Small Doubt

byte a = 3; //1
byte b = 4; //2
byte c = a + b; //3

Line 3 will give compilation error Because the compiler knows that the result may come as int.

My Question here is.
if i give literals instead of variable in the expressions like
byte c1 = 3 + 4; // No compilation error
byte c2 = 300 + 4; // compilation error
byte c3 = 126 + 1; // No Compilation error
byte c4 = 126 + 2; // Compilation error

Why it is like this? Does the compiler executes the expression?
I think execution of expression will happen at run time.

I am very new to java. Please clarify my doubt.

Originally posted by Vamsi Krishna Uppalapati:
byte a = 3; //1
byte b = 4; //2
byte c = a + b; //3

Line 3 will give compilation error Because the compiler knows that the result may come as int.

My Question here is.
if i give literals instead of variable in the expressions like
byte c1 = 3 + 4; // No compilation error
byte c2 = 300 + 4; // compilation error
byte c3 = 126 + 1; // No Compilation error
byte c4 = 126 + 2; // Compilation error

Why it is like this? Does the compiler executes the expression?
I think execution of expression will happen at run time.

I am very new to java. Please clarify my doubt.

What you will say now....

You can easily understand the difference now.....

Code speaks itself the difference..

[B]public class Sample { public static void main(String args[]) { final byte a = 4; final byte b = 3; byte c = a + b; System.out.println(" a: " + a + " b: " + b + " c: " + c); } }[/B]

See there is a lot of difference in a normal variable and a final Constant.

This may helps you a lot.

Originally posted by Vamsi Krishna Uppalapati:

Why it is like this? Does the compiler executes the expression?
I think execution of expression will happen at run time.

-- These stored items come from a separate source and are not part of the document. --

Section Projection.
Hypothesis ip_complete : complete_ip.
Variable K : V -> Prop.
Hypothesis hK : closed_subspace K.

Let K0 : K 0. Proof. by case: hK. Qed.

Let Klin a x y : K x -> K y -> K (a *: x + y). Proof. by case: hK => _ + _; apply. Qed.

Let KZ a x : K x -> K (a *: x).
Proof. by move=> Kx; rewrite -[_ *: x]addr0; apply: Klin. Qed.

(* The midpoint of two points of K is in K and its distance to phi is at
   least d, so the parallelogram law bounds the distance between them. *)
Lemma minimizing_cauchy phi (d : R) ks :
  (forall c, K c -> d <= sqnorm (phi - c)) -> (forall n, K (ks n)) ->
  (forall n, sqnorm (phi - ks n) < d + inv_succ n) -> cauchy_seq ip ks.
Proof.
move=> d_le Kks ks_lt.
have ks_close m n : sqnorm (ks m - ks n) <= 2 * inv_succ m + 2 * inv_succ n.
  pose mid := toC 2^-1 *: ks m + toC 2^-1 *: ks n.
  have Kmid : K mid by apply: Klin => //; apply: KZ.
  have sum_mid : (phi - ks m) + (phi - ks n) = toC 2 *: (phi - mid).
    rewrite scalerBr scalerDr !scalerA -rmorphM mulfV ?pnatr_eq0 //.
    rewrite rmorph1 !scale1r (_ : toC 2 = 2%:R) ?rmorph_nat // scaler_nat.
    by rewrite mulr2n opprD addrACA.
  have diff_ks : (phi - ks m) - (phi - ks n) = - (ks m - ks n).
    by rewrite opprB addrC addrA subrK opprB.
  have := parallelogram (phi - ks m) (phi - ks n).
  rewrite sum_mid diff_ks sqnormZ sqnormN.
  have := d_le _ Kmid; have := ks_lt m; have := ks_lt n; lra.
apply: cauchy_seq_sqnorm => e e0.
have [N hN] := inv_succ_lt (ltac:(lra) : 0 < e / 4).
exists N => m n hm hn; have := ks_close m n.
have := inv_succ_le R hm; have := inv_succ_le R hn; lra.
Qed.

Ofcourse this is runtime processing, but atleast compiler wants to ensure itself not to run in short of conversions.

Please correct me If I am wrong.

Vamsi Krishna Uppalapati (whose Member # 135497 is a prime) wrote:
Why it is like this? Does the compiler executes the expression?
I think execution of expression will happen at run time.

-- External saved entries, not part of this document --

(* Let $P$ and $P'$ be paths in $T$ such that $P$ is a subpath of $P'$ (i.e. the vertex set of $P$ is contained in that of $P'$). Then (1) $\overline{T}_1(P')\le\overline{T}_1(P)$ and $\overline{T}_2(P)\le\overline{T}_2(P')$; (2) $\overline{S}(P)\le\overline{S}(P')$ and $\overline{S}^2(P)\le\overline{S}^2(P')$; (3) $\overline{Q}(P)\le\overline{Q}(P')$ (in $[0,+\infty]$).
   Context: Let $T=(V,E)$ be a finite tree with vertex set $V=\{v_1,\dots,v_n\}$ and positive edge lengths; $d(x,y)$ denotes the length of the unique path in $T$ between vertices $x,y$. Each vertex $v_i$ has a demand rate $\lambda_i\ge 0$, with $\lambda=\sum_i\lambda_i>0$, and weight $w_i=\lambda_i/\lambda$; $w(T)=\sum_i w_i=1$. A path $P$ is the vertex sequence $p(1),\dots,p(k)$ of a simple path in $T$ (a single vertex is allowed); $|P|=d(p(1),p(k))$, and $d(P,v)=\min_j d(p(j),v)$. For $v\in V$, $p_P(v)$ denotes the unique vertex of $P$ closest to $v$. For a vertex $p$ of $P$, the branch $T_p$ (with respect to $P$) is the set of vertices $v$ with $p_P(v)=p$, and $w_{T_p}=\sum_{v_i\in T_p}w_i$. For a vertex $p$ of $P$ put $\overline{d}_P(p)=\sum_{j=1}^k w_{T_{p(j)}}\,d(p(j),p)$. Fix a speed $v_t>0$, constants $G_i\ge 0$ ($i=1,\dots,n$) and a constant $\overline{G}\ge 0$. Define $\overline{T}_1(P)=\frac{1}{v_t}\sum_i w_i\,d(P,v_i)$, $\overline{T}_2(P)=\frac{1}{v_t}\sum_i w_i\,\overline{d}_P(p_P(v_i))$, $\overline{S}(P)=\overline{T}_2(P)+\overline{G}$, $s_i(P)=\frac{1}{v_t}\bigl(\overline{d}_P(p_P(v_i))+G_i\bigr)$, $\overline{S}^2(P)=\sum_i w_i\,s_i(P)^2$, and $\overline{Q}(P)=\dfrac{\lambda\,\overline{S}^2(P)}{2(1-\lambda\overline{S}(P))}$ if $\lambda\overline{S}(P)<1$, $\overline{Q}(P)=+\infty$ otherwise. *)

From HB Require Import structures.
From mathcomp Require Import all_boot all_order all_algebra.
From Stdlib Require Import ClassicalEpsilon.
Set Implicit Arguments. Unset Strict Implicit. Unset Printing Implicit Defensive.
Import Order.TTheory GRing.Theory Num.Theory.
Local Open Scope ring_scope.

Section TreeQueue.
Variable R : realFieldType.
Variable V : finType.
Variable e : rel V.
Variable len : V -> V -> R.

Definition spath (x y : V) (p : seq V) : bool :=
  [&& path e x p, uniq (x :: p) & last x p == y].

Definition is_tree : Prop :=
  symmetric e /\ irreflexive e /\
  (forall x y : V, exists! p : seq V, spath x y p).

Definition pos_lengths : Prop :=
  (forall x y, len x y = len y x) /\ (forall x y, e x y -> 0 < len x y).

Definition plen (x : V) (p : seq V) : R := \sum_(k <- pairmap len x p) k.

Definition dist (x y : V) : R :=
  plen x (epsilon (inhabits [::]) (fun p => spath x y p)).

Definition is_tpath (P : seq V) : bool :=
  if P is x :: p then path e x p && uniq P else false.

Definition distP (P : seq V) (v : V) : R :=
  \big[Num.min/dist (head v P) v]_(q <- P) dist q v.

Definition projP (P : seq V) (v : V) : V :=
  [arg min_(q < head v P | q \in P) dist q v]%O.

Variable lam : V -> R.
Definition lamT : R := \sum_(v : V) lam v.
Definition wt (v : V) : R := lam v / lamT.

(* w_{T_p}: weight of the branch T_p w.r.t. P *)
Definition wbranch (P : seq V) (p : V) : R :=
  \sum_(v : V | projP P v == p) wt v.

Definition dbar (P : seq V) (p : V) : R :=
  \sum_(q <- P) wbranch P q * dist q p.

Variables (vt : R) (G : V -> R) (Gbar : R).

Definition T1 (P : seq V) : R := vt^-1 * \sum_(v : V) wt v * distP P v.
Definition T2 (P : seq V) : R := vt^-1 * \sum_(v : V) wt v * dbar P (projP P v).
Definition Sbar (P : seq V) : R := T2 P + Gbar.
Definition si (P : seq V) (v : V) : R := vt^-1 * (dbar P (projP P v) + G v).
Definition S2bar (P : seq V) : R := \sum_(v : V) wt v * si P v ^+ 2.

(* values in [0, +oo]: None stands for +oo *)
Definition Qbar (P : seq V) : option R :=
  if lamT * Sbar P < 1 then Some (lamT * S2bar P / (2 * (1 - lamT * Sbar P)))
  else None.

End TreeQueue.

(* order on R extended by +oo (None) *)
Definition le_ext (R : realFieldType) (a b : option R) : bool :=
  match a, b with
  | _, None => true
  | None, Some _ => false
  | Some x, Some y => x <= y
  end.

From Pilot Require Import Defs.
From HB Require Import structures.
From mathcomp Require Import all_boot all_order all_algebra lra.
From Stdlib Require Import ClassicalEpsilon.
Set Implicit Arguments. Unset Strict Implicit. Unset Printing Implicit Defensive.
Import Order.TTheory GRing.Theory Num.Theory.
Local Open Scope ring_scope.

(* In a tree the closest-point projection onto a path P is a gate: every
   vertex q of P satisfies d(q, v) = d(q, p_P(v)) + d(p_P(v), v).  Hence, for
   P contained in P', p_P factors through p_P' and is nonexpansive, so
   d(p_P(u), p_P(v)) <= d(p_P'(u), p_P'(v)).  Writing
   \overline{d}_P(p_P(v)) = sum_u w_u d(p_P(u), p_P(v)) gives the comparison
   of T2, S and S^2 termwise, the gate identity gives the one of T1, and Q is
   increasing in S and S^2. *)

Section TreeMetric.
Variables (R : realFieldType) (V : finType) (e : rel V) (len : V -> V -> R).
Hypothesis tree : is_tree e.
Hypothesis lengths : pos_lengths e len.

Local Notation plen := (plen len).
Local Notation dist := (dist e len).

Lemma plen_cons x y p : plen x (y :: p) = len x y + plen y p.
Proof. by rewrite /Defs.plen /= big_cons. Qed.

Lemma plen_cat x p q : plen x (p ++ q) = plen x p + plen (last x p) q.
Proof. by rewrite /Defs.plen pairmap_cat big_cat. Qed.

Lemma plen_rcons x p z : plen x (rcons p z) = plen x p + len (last x p) z.
Proof. by rewrite -cats1 plen_cat plen_cons /Defs.plen big_nil addr0. Qed.

Lemma plen_ge0 x p : path e x p -> 0 <= plen x p.
Proof.
elim: p x => [|y p IHp] x /=; first by rewrite /Defs.plen big_nil.
by case/andP=> exy hp; rewrite plen_cons addr_ge0 ?IHp // ltW ?lengths.2.
Qed.

Lemma last_rev_belast (T : Type) (x : T) p : last (last x p) (rev (belast x p)) = x.
Proof. by elim: p x => [|y p IHp] x //=; rewrite rev_cons last_rcons. Qed.

Lemma plen_rev x p : plen (last x p) (rev (belast x p)) = plen x p.
Proof.
elim: p x => [|y p IHp] x //=.
by rewrite rev_cons plen_rcons IHp plen_cons addrC lengths.1 last_rev_belast.
Qed.

Lemma dist_spath x y p : spath e x y p -> dist x y = plen x p.
Proof.
move=> hp; have [p0 [_ p0_uniq]] := tree.2.2 x y.
have hq := epsilon_spec (inhabits [::]) (fun q => spath e x y q) (ex_intro _ p hp).
by rewrite /Defs.dist -(p0_uniq _ hq) (p0_uniq _ hp).
Qed.

Lemma dist_ge0 x y : 0 <= dist x y.
Proof.
have [p [hp _]] := tree.2.2 x y.
by rewrite (dist_spath hp); apply: plen_ge0; case/and3P: hp.
Qed.

Lemma dist_xx x : dist x x = 0.
Proof.
have hx : spath e x x [::] by rewrite /spath /= eqxx.
by rewrite (dist_spath hx) /Defs.plen big_nil.
Qed.

Lemma dist_eq0 x y : dist x y = 0 -> x = y.
Proof.
have [[|z p] [hp _]] := tree.2.2 x y; first by case/and3P: hp => _ _ /eqP.
case/and3P: hp (dist_spath hp) => /= /andP [exz hzp] _ _ ->.
rewrite plen_cons => /eqP; rewrite paddr_eq0 ?plen_ge0 // ?ltW ?lengths.2 //.
by rewrite gt_eqF ?lengths.2.
Qed.

Lemma spath_rev x y p :
  spath e x y p -> spath e y x (rev (belast x p)).
Proof.
case/and3P=> hp hu /eqP <-; apply/and3P; split.
- rewrite rev_path (eq_path (e' := e)) // => a b; exact: tree.1.
- by rewrite -rev_rcons -lastI rev_uniq.
- by rewrite last_rev_belast.
Qed.

Lemma distC x y : dist x y = dist y x.
Proof.
have [p [hp _]] := tree.2.2 x y.
rewrite (dist_spath hp) (dist_spath (spath_rev hp)).
by case/and3P: hp => _ _ /eqP <-; rewrite plen_rev.
Qed.

Lemma spath_suffix x y p p1 g p2 :
  spath e x y p -> x :: p = p1 ++ g :: p2 -> spath e g y p2.
Proof.
case/and3P=> hp hu hl E; apply/and3P; split.
- by move: hp; rewrite -/(sorted e (x :: p)) E => /cat_sorted2 [].
- by move: hu; rewrite E cat_uniq => /and3P [].
- by move: hl; rewrite -[last x p]/(last x (x :: p)) E last_cat.
Qed.

Lemma dist_spath_cat x y z p q : spath e x y p -> spath e y z q ->
  ~~ has (mem (x :: p)) q -> dist x z = dist x y + dist y z.
Proof.
move=> hxy hyz hdisj; case/and3P: (hxy) (hyz) => hp hu /eqP hl /and3P [hq hu' /eqP hl'].
have hxz : spath e x z (p ++ q).
  rewrite /spath cat_path hp hl hq -cat_cons cat_uniq hu hdisj last_cat hl hl' eqxx.
  by move: hu'; rewrite cons_uniq => /andP [_ ->].
by rewrite (dist_spath hxz) (dist_spath hxy) (dist_spath hyz) plen_cat hl.
Qed.

Lemma dist_spath_split x y p1 g p2 : spath e x y (p1 ++ g :: p2) ->
  dist x y = dist x g + dist g y.
Proof.
move=> hxy; case/and3P: (hxy) => hp hu _.
move: hp; rewrite cat_path /= => /and3P [hp1 elg _].
move: hu; rewrite -cat_cons cat_uniq => /and3P [hu1 hg _].
have hgx : g \notin x :: p1 by apply: contra hg => hgx; apply/hasP; exists g; rewrite ?mem_head.
have hxg : spath e x g (rcons p1 g).
  by rewrite /spath rcons_path hp1 elg -rcons_cons rcons_uniq hgx hu1 last_rcons eqxx.
have hgy := spath_suffix hxy (erefl ((x :: p1) ++ g :: p2)).
by rewrite (dist_spath hxy) (dist_spath hxg) (dist_spath hgy) -cat_rcons plen_cat last_rcons.
Qed.

Lemma dist_spath_mem x y p g : spath e x y p -> g \in x :: p ->
  dist x y = dist x g + dist g y.
Proof.
move=> hxy /predU1P [-> | hg]; first by rewrite dist_xx add0r.
by move: hxy; case/splitPr: hg => p1 p2; apply: dist_spath_split.
Qed.

Lemma spath_of_sorted s1 a t s2 :
  sorted e (s1 ++ a :: t ++ s2) -> uniq (s1 ++ a :: t ++ s2) ->
  spath e a (last a t) t.
Proof.
rewrite -cat_cons catA => /cat_sorted2 [/cat_sorted2 [_ ht] _].
by rewrite !cat_uniq => /and3P [/and3P [_ _ hu] _ _]; apply/and3P.
Qed.

Lemma tpath_sorted_uniq P : is_tpath e P -> sorted e P /\ uniq P.
Proof. by case: P => //= x p /andP []. Qed.

Lemma tpath_head P v : is_tpath e P -> head v P \in P.
Proof. by case: P => // x p _; exact: mem_head. Qed.

Lemma tpath_segment P a b : is_tpath e P -> a \in P -> b \in P ->
  exists2 t, spath e a b t & {subset a :: t <= P}.
Proof.
move=> /tpath_sorted_uniq [+ +] ha; case/splitPr: ha => s1 s2.
rewrite mem_cat inE => hs hu /or3P [hb | /eqP -> | hb].
- move: hs hu; case/splitPr: hb => s3 s4; rewrite -catA /= -(cat_rcons a s4) => hs hu.
  have := spath_rev (spath_of_sorted hs hu); rewrite belast_rcons last_rcons.
  move=> hab; exists (rev (b :: s4)) => // z.
  by rewrite !(inE, mem_rev, mem_cat, mem_rcons); case/orP=> [->|/orP [] ->]; rewrite ?orbT.
- exists [::]; first by rewrite /spath /= eqxx.
  by move=> z; rewrite mem_seq1 => /eqP ->; rewrite mem_cat mem_head orbT.
- move: hs hu; case/splitPr: hb => s3 s4; rewrite -(cat_rcons b s3) => hs hu.
  have := spath_of_sorted hs hu; rewrite last_rcons => hab.
  exists (rcons s3 b) => // z.
  by rewrite !(inE, mem_cat, mem_rcons); case/orP=> [->|/orP [] ->]; rewrite ?orbT.
Qed.

Lemma has_split_last (T : Type) (a : pred T) s : has a s ->
  exists p1 g p2, [/\ s = p1 ++ g :: p2, a g & ~~ has a p2].
Proof.
elim: s => [|y s IHs] //=; have [/IHs [p1 [g [p2 [-> ag hp2]]]] _ | hs] := boolP (has a s).
  by exists (y :: p1), g, p2.
by rewrite orbF => ay; exists [::], y, s.
Qed.

Definition gate (P : seq V) (v g : V) : Prop :=
  g \in P /\ forall q, q \in P -> dist q v = dist q g + dist g v.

Yes, these integer literal calculations will be calculated at compile time.
Imagine integer (or double, float ...) literals as constants, they never change.
I mean, the literals never change, not the variables that hold them.
So the compiler checks, what comes out, and if it fits into the byte.

Also this will compile:
final int i=126, j=1;
byte b=i+j;

But only with the final modifier.



Yours,
Bu.

My question is why it is giving compilation error when we declare like
byte b = 100 + 200;
ant not giving compilation error when we declare like
byte b = 100 + 1;

Does the complier calculates the value on RHS?

Thanks hassel, it clears my doubt...

Originally posted by Vamsi Krishna Uppalapati:
My question is why it is giving compilation error when we declare like
byte b = 100 + 200;
ant not giving compilation error when we declare like
byte b = 100 + 1;

Does the complier calculates the value on RHS?

100, 1, and 200 are all compile-time constants, so the values of 100+200, and 100+1 can be computed at compile-time.

100+200 is an int that is too large to fit into a byte.